This repo contains the ML part for a psychology Virtual Assistant app.
The challenge was to create a virtual assistant that helps children and their parents to cope with stress, mental hardships. The core of our application is a chatbot, which provides assistance to the user, gives them instructions on how to deal with suicidal thoughts, panic attacks.
Both the ML and backend parts were written in Python, using watsonx.ai API, langchain, openai and Django respectively. The frontend part was written in HTML, CSS and JavaScript. MongoDB and PostgreSQL were used as our databases.
The model used (LLama2, 70B) was provided to us by the IBM WatsonX.ai API. In total, four models were used.
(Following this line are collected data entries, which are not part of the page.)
Lemma reach_trans a b x y z :
  y \in reach e a x -> z \in reach e b y -> z \in reach e (a + b) x.
Proof.
move=> Hy; elim: b z => [|b IHb] z /=; first by rewrite addn0 inE => /eqP ->.
rewrite addnS in_setU inE => /orP [/IHb /reach_succ //|].
by case/existsP=> t /andP [/IHb Ht etz]; apply: reach_step Ht etz.
Qed.

Lemma reach_first_step m x y :
  y \in reach e m.+1 x -> y = x \/ exists2 z, e x z & y \in reach e m z.
Proof.
elim: m y => [|m IHm] y.
  rewrite /= in_setU !inE => /orP [/eqP ->|]; first by left.
  case/existsP=> t /andP [+ ety]; rewrite inE => /eqP Etx.
  by right; exists y; rewrite -?Etx ?set11.
rewrite [reach e m.+2 x]/= in_setU inE => /orP [/IHm [->|[z exz Hy]]|].
- by left.
- by right; exists z => //; apply: reach_succ.
case/existsP=> t /andP [/IHm [Etx|[z exz Ht]] ety].
  by right; exists y; rewrite -?Etx ?reach_refl.
by right; exists z; last exact: reach_step Ht ety.
Qed.

Lemma reach_lipschitz (phi : T -> nat) :
  (forall x y, e x y -> phi y <= (phi x).+1) ->
  forall m x y, y \in reach e m x -> phi y <= phi x + m.
Proof.
move=> phi_lip; elim=> [|m IHm] x y /=; first by rewrite inE addn0 => /eqP ->.
rewrite in_setU inE => /orP [/IHm|]; first lia.
by case/existsP=> t /andP [/IHm Ht /phi_lip ety]; lia.
Qed.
For answering prompts: one for translating the input from a user (polish to english), one for generating a response for the translated input (the core model) and one for translating the previously generated response. For detecting the sentiment of prompts only one model was used; ultimately, it determined the behaviour of the core model based on the current message sentiment (the sentiment was detected continuously). Core model states included 'HAPPY', 'SAD', 'ANGRY', 'FRIENDLY' (a regular conversation).
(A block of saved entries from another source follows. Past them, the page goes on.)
Inductive isbox : forall m n, (cvert m -> cvert n) -> Prop :=
| box_id n : @isbox n n (fun x => x)
| box_face k (i : 'I_k.+1) (e : bool) : isbox (face i e)
| box_degen k (i : 'I_k.+1) : isbox (degen i)
| box_conn k (i : 'I_k.+1) (e : bool) : isbox (conn i e)
| box_comp l m n (f : cvert l -> cvert m) (g : cvert m -> cvert n) :
    isbox f -> isbox g -> isbox (fun x => g (f x)).

Record boxmap m n := BoxMap {
  bfun :> cvert m -> cvert n;
  bfun_box : isbox bfun }.

Definition bid n : boxmap n n := BoxMap (box_id n).
Definition bcomp l m n (f : boxmap l m) (g : boxmap m n) : boxmap l n :=
  BoxMap (box_comp (bfun_box f) (bfun_box g)).

Lemma cadj_by m n (f : cvert m -> cvert n) (pre : 'I_m -> option 'I_n) :
  (forall x y j, f x j <> f y j -> exists c, x c <> y c /\ pre c = Some j) ->
  forall x y, cadj x y -> cadj (f x) (f y).
Proof.
move=> H x y hxy j1 j2 d1 d2.
case: (H _ _ _ d1) => c1 [e1 p1]; case: (H _ _ _ d2) => c2 [e2 p2].
have E := hxy _ _ e1 e2; subst c2; congruence.
Qed.

Lemma conn_adj k (i : 'I_k.+1) e : forall x y, cadj x y -> cadj (conn i e x) (conn i e y).
Proof.
  apply: (@cadj_by _ _ _ (fun c : 'I_k.+2 =>
            Some (inord (if (c <= i)%N then c : nat else (c : nat).-1)))).
  move=> x y j; rewrite /conn.
  have Hj := ltn_ord j; have Hi := ltn_ord i.
  have iK : forall a, a < k.+2 -> ((inord a : 'I_k.+2) : nat) = a by move=> a; exact: inordK.
  have iK' : forall a, a < k.+1 -> ((inord a : 'I_k.+1) : nat) = a by move=> a; exact: inordK.
  case: ltnP => hji.
    move=> d; exists (inord j); split=> //; congr Some; apply: ord_inj.
    rewrite iK; last lia.
    by rewrite ifT ?iK' //; lia.
  case: eqP => hji'.
    move=> d.
    case Ea : (x (inord i) == y (inord i)).
      move/eqP: Ea => Ea.
      exists (inord i.+1); split.
        by move=> Eb; apply: d; rewrite Ea Eb.
      congr Some; apply: ord_inj; rewrite iK; last lia.
      by rewrite ifF ?iK' //; lia.
    exists (inord i); split; first by move/eqP: Ea.
    congr Some; apply: ord_inj; rewrite iK; last lia.
    by rewrite ifT ?iK' //; lia.
  move=> d; exists (inord j.+1); split=> //; congr Some; apply: ord_inj.
  rewrite iK; last lia.
  by rewrite ifF ?iK' //; lia.
Qed.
The above figure illustrates the pipeline of our project. First, a prompt is received from the user. Then, the frontend sends it to the backend, and the latter sends the vectorized prompt to MongoDB. From the latter, the backend pulls out chat history (also vectorized), and sends it to the model. Then, the model sends its response to the backend that sends the current prompt + answer to the database. The answer goes all the way back to the frontend for the user to see.